Section 5 - Hello World#

Introduction#

In this section we will be following along with and completing course material from the Pentester Academy’s SecurityTube Linux Assembly language Expert 64 Bit course. The second assignment is writing a Hello World program in 64 Bit assembly language. It is to be coded, assembled, linked and run. Execution is then to be monitored via GDB. We will use the GEF add-on for GDB to enhance the visual presentation from GDB.

Project code is contained in my github.

Lesson Content#

The Program helloworld.asm#

The screenshot below displays the contents of the program helloworld.asm. The program contains a string called hello_world that holds the string Hello World to the SLAE-64 Course. A new line is added by appending the 0x0a ASCII character. We need to assemble, link, run and instruction step this program in GDB.

The program *helloworld.asm*

Fig. 59 The program helloworld.asm#

Assembling, Linking and Running the Program helloworld.asm#

The program is assembled with:

$ nasm -felf64 helloworld.asm -o helloworld.o

And linked with:

$ ld helloworld.o -o helloworld

We then run the executable and look at it’s objdump. The results of these operations is shown below:

Assembling, Linking and Executing the Program *helloworld

Fig. 60 Assembling, Linking and Executing the Program helloworld.asm#

In the above screenshot, we assemble and link the program. We then use the objdump tool to look at the opcodes within the .text section by using the -d switch. Finally the program is run using:

$ ./helloworld

The ./ is needed because the executable is not in a directory listed in the PATH environment variable.

In the objdump of the executable, we notice large amounts of null bytes (i.e. 00). These are not good for shellcode, since in many cases, a victim process encountering a null byte as input understands the null byte as an end of the input. This would prematurely end the victim program from receiving all of the shellcodes contents.

In further videos in this course, the instructor shows how to remove these null bytes, while still maintaining the same functionality in the executable.

Running helloworld in GDB + PEDA#

Setup and before run:#

The screenshot below shows the setup of the GDB debugger with the PEDA add-on. The program helloworld is loaded into GDB. The program is then run and the state of the registers and stack are shown.

helloworld in GDB before run

Fig. 61 helloworld in GDB before run#

From the disassembly of the _start function above, we can notice a difference between our written code and the disassembly of the _start function. Namely, rather than involving the 64-bit versions of the registers, the assembler optimized away usage of those in favor of the 32-bit versions. For example, the register RAX was replaced with EAX.

From a functionality point of view, this is a moot point. However, from a shellcoding perspective, it is desireable to have complete control over how the actual opcodes are produced.

In the next sections, we will step through the code and describe what occurs.

Running step 0x401000 <_start>: mov eax,0x1#

Prior to running mov eax, 0x1, the state of the registers and stack is shown below:

Before running step 0x401000 <_start>: mov eax,0x1

Fig. 62 Before running step 0x401000 <_start>: mov eax,0x1#

The mov eax, 0x1 instruction simply moves the immediate value 1 into the 32-bit register eax.

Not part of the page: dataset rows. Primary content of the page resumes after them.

End InnerProduct.

Section Projection.
Variables (R : realType) (V : lmodType R[i]) (ip : V -> V -> R[i]).
Hypothesis V_hilbert : is_hilbert ip.
Let ip_inner := V_hilbert.1.
Variables (N : set V) (x : V).
Hypotheses (N_sub : is_subspace N) (N_closed : is_closed_set ip N).

Lemma nrm2B_le_dist d a b : (forall m, N m -> d <= nrm2 ip (x - m)) -> N a -> N b ->
  nrm2 ip (a - b) + 4 * d <= 2 * nrm2 ip (x - a) + 2 * nrm2 ip (x - b).
Proof.
move=> d_lb Na Nb; pose mid := (2^-1 : R)%:C *: (a + b).
have Nmid : N mid by apply/(subspaceZ N_sub)/(subspaceD N_sub).
have mid_eq : (x - a) + (x - b) = (2 : R)%:C *: (x - mid).
  rewrite scalerBr scalerA -rmorphM mulfV ?pnatr_eq0 // scale1r.
  by rewrite rmorph_nat scaler_nat mulr2n opprD addrACA.
have ab_eq : (x - a) - (x - b) = - (a - b) by rewrite opprB addrC addrA subrK opprB.
have := nrm2_parallelogram ip_inner (x - a) (x - b).
rewrite mid_eq ab_eq nrm2Z // nrm2N // expr2.
by have := d_lb _ Nmid; lra.
Qed.

Lemma minimizing_seq_cauchy d (g : nat -> V) :
  (forall m, N m -> d <= nrm2 ip (x - m)) ->
  (forall k, N (g k) /\ nrm2 ip (x - g k) < d + k.+1%:R^-1) -> seq_cauchy ip g.
Proof.
move=> d_lb gP; apply: (nrm2_seq_cauchy ip_inner) => e e_gt0.
have [k] : exists k, 0 + k.+1%:R^-1 < e / 4 by apply: ltr_add_invr; lra.
rewrite add0r => ke; exists k => m n km kn.
have := nrm2B_le_dist d_lb (gP m).1 (gP n).1.
have := (gP m).2; have := (gP n).2.
have := invr_natS_le R km; have := invr_natS_le R kn.
(* lra accepts the inverses only as named atoms *)
set ik := k.+1%:R^-1 in ke *; set im := m.+1%:R^-1; set in_ := n.+1%:R^-1; lra.
Qed.

Lemma exists_min_dist :
  exists2 n, N n & forall m, N m -> nrm2 ip (x - n) <= nrm2 ip (x - m).
Proof.
pose S := [set nrm2 ip (x - m) | m in N].
have S_lb : lbound S 0 by move=> _ [m _ <-]; exact: nrm2_ge0.
have S_n0 : S !=set0 by exists (nrm2 ip (x - 0)), 0 => //; exact: subspace0.
have S_inf : has_inf S by split => //; exists 0.
pose d := inf S.
have d_lb m : N m -> d <= nrm2 ip (x - m) by move=> Nm; apply: ge_inf S_inf.2 _ _; exists m.
have g_ex k : exists m, N m /\ nrm2 ip (x - m) < d + k.+1%:R^-1.
  have [|_ [m Nm <-]] := inf_adherent (_ : 0 < k.+1%:R^-1) S_inf.
    by rewrite invr_gt0 ltr0Sn.
  by exists m.
have [g gP] := choice g_ex.
have [n gn] := V_hilbert.2 g (minimizing_seq_cauchy d_lb gP).
have Nn : N n by apply: N_closed gn => k; exact: (gP k).1.
exists n => // m Nm; apply: le_trans (d_lb m Nm).
apply: (nrm2_cvg_le ip_inner gn) => [|e e_gt0]; first exact: lb_le_inf S_n0 S_lb.
have [k] := ltr_add_invr e_gt0; rewrite add0r => ke.
exists k => j kj; apply/ltW/(lt_le_trans (gP j).2).
by rewrite lerD2l; apply: le_trans (ltW ke); exact: invr_natS_le.
Qed.

Lemma min_dist_orth n : N n ->
  (forall m, N m -> nrm2 ip (x - n) <= nrm2 ip (x - m)) -> orth ip N (x - n).
Proof.
move=> Nn n_min.
have Re0 m : N m -> Re (ip (x - n) m) = 0.
  move=> Nm; apply: (quadratic_ge0_coef0 (nrm2_ge0 ip_inner m)) => t.
  have := n_min _ (subspaceD N_sub (subspaceZ N_sub t%:C Nm) Nn).
  rewrite opprD addrA addrAC (nrm2B ip_inner (x - n)) nrm2Z // ipZr // conj_real Re_realM; lra.
move=> m Nm; apply: (ip_eq0_Re ip_inner); first exact: Re0.
exact/Re0/(subspaceZ N_sub).
Qed.

Theorem orth_proj_exists : exists2 n, N n & orth ip N (x - n).
Proof. by have [n Nn /(min_dist_orth Nn)] := exists_min_dist; exists n. Qed.

End Projection.

Section LinearOperator.
Variables (R : realType) (V W : lmodType R[i]) (A : op V W).
Hypothesis A_lin : op_linear A.

Lemma op_dom0 : dom A 0. Proof. exact: A_lin.1.1. Qed.
Lemma op_domB x y : dom A x -> dom A y -> dom A (x - y).
Proof. exact: (subspaceB A_lin.1). Qed.
Lemma op_appB x y : dom A x -> dom A y -> app A (x - y) = app A x - app A y.
Proof. by move=> Dx Dy; rewrite addrC -scaleN1r A_lin.2 // scaleN1r addrC. Qed.
Lemma op_app0 : app A 0 = 0.
Proof. by have := op_appB op_dom0 op_dom0; rewrite !subrr. Qed.

Lemma kernel_op_subspace : is_subspace (kernel_op A).
Proof.
split; first by split; [exact: op_dom0 | exact: op_app0].
move=> a x y [Dx Ax] [Dy Ay]; split; first exact: A_lin.1.2.
by rewrite A_lin.2 // Ax Ay scaler0 addr0.
Qed.

End LinearOperator.

Section MoorePenrose.
Variables (R : realType) (V W : lmodType R[i]).
Variables (ipV : V -> V -> R[i]) (ipW : W -> W -> R[i]) (A : op V W).
Hypotheses (V_inner : is_inner_product ipV) (W_inner : is_inner_product ipW).
Hypothesis A_lin : op_linear A.

Definition mp_solution (y : W) (x : V) : Prop :=
  coimage_dom ipV A x /\ exists y2, orth ipW (range_op A) y2 /\ y = app A x + y2.

Lemma mp_solution_uniq y x x' : mp_solution y x -> mp_solution y x' -> x = x'.
Proof.
move=> [[Dx x_orth] [z [z_orth y_eq]]] [[Dx' x'_orth] [z' [z'_orth y_eq']]].
have Dxx' := op_domB A_lin Dx Dx'.
have Axx' : app A (x - x') = z' - z.
  by rewrite op_appB //; apply: addr_eq_sub; rewrite -y_eq.
have ker_xx' : kernel_op A (x - x').
  split => //; apply: (ip_eq0 W_inner); rewrite {2}Axx'.
  by apply: (orthB W_inner z'_orth z_orth); exists (x - x').
apply/subr0_eq/(ip_eq0 V_inner).
exact: (orthB V_inner x_orth x'_orth) ker_xx'.
Qed.

Lemma mp_appE y x : mp_solution y x -> mp_app ipV ipW A y = x.
Proof. by move=> yx; apply: (xget_unique _ yx) => x' /mp_solution_uniq; apply. Qed.

End MoorePenrose.

Section MoorePenroseExists.
Variables (R : realType) (V W : lmodType R[i]).
Variables (ipV : V -> V -> R[i]) (ipW : W -> W -> R[i]) (A : op V W).
Hypotheses (V_hilbert : is_hilbert ipV) (W_inner : is_inner_product ipW).
Hypothesis A_closed : closed_op ipV ipW A.
Let A_lin := A_closed.1.

Lemma closed_op_kernel_closed : is_closed_set ipV (kernel_op A).
Proof.
move=> u x ker_u ux; have [|//] := A_closed.2 u x 0 (fun n => (ker_u n).1) ux.
by move=> e e_gt0; exists 0%N => n _; rewrite (ker_u n).2 subrr ip0l.
Qed.

Lemma mp_appP y : mp_dom ipW A y -> mp_solution ipV ipW A y (mp_app ipV ipW A y).
Proof.
move=> [_ [y2 [[x0 Dx0 <-] [y2_orth ->]]]].
have [n [Dn An0] x0n_orth] := orth_proj_exists V_hilbert x0
  (kernel_op_subspace A_lin) closed_op_kernel_closed.
apply: xgetPex; exists (x0 - n); split; first by split => //; exact: op_domB.
by exists y2; rewrite op_appB // An0 subr0.
Qed.

End MoorePenroseExists.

After running step 0x401000 <_start>: mov eax,0x1

Fig. 63 After running step 0x401000 <_start>: mov eax,0x1#

The mov eax, 0x1 instruction moved the immediate value 1 into the 64-bit register rax, as can be seen in the screen shot above. The purpose of moving the immediate 1 into eax is to set up the write system call. If you recall, the system calls are enumerated in:

/usr/include/asm/unistd_64.h

A portion of this file is shown below:

$ more /usr/include/asm/unistd_64.h 
#ifndef _ASM_X86_UNISTD_64_H
#define _ASM_X86_UNISTD_64_H 1

#define __NR_read 0
#define __NR_write 1
#define __NR_open 2
#define __NR_close 3
#define __NR_stat 4
#define __NR_fstat 5
#define __NR_lstat 6
#define __NR_poll 7
#define __NR_lseek 8
#define __NR_mmap 9
#define __NR_mprotect 10
#define __NR_munmap 11
#define __NR_brk 12
#define __NR_rt_sigaction 13

As can be seen from the file contents above, the number 1 is associated with the WRITE system call. Note that I have looked at the 64-bit version of the file. There also exists a 32-bit version, which we will not be using since this is 64-bit code.

Executing step 0x401005 <_start+5>: mov edi,0x1#

Prior to executing the instruction mov edi,0x1, the state of the registers and stack are as shown below:

Before running step 0x401005 <_start+5>: mov edi,0x1

Fig. 64 Before running step 0x401005 <_start+5>: mov edi,0x1#

The instruction mov edi,0x1 simply moves the immediate value 1 into the 32-bit register edi.

After running step 0x401005 <_start+5>: mov edi,0x1

Fig. 65 After running step 0x401005 <_start+5>: mov edi,0x1#

The mov edi, 0x1 instruction simply moved the immediate value 1 into the 32-bit register edi, as can be seen in the screen shot above. The purpose of moving the 1 into edi is as a parameter to the WRITE system call. The 1 represents standard output, or STDOUT. This refers to the screen. Therefore, the WRITE system call will be writing to the screen, as opposed to writing to a network socket, or to a file on disk.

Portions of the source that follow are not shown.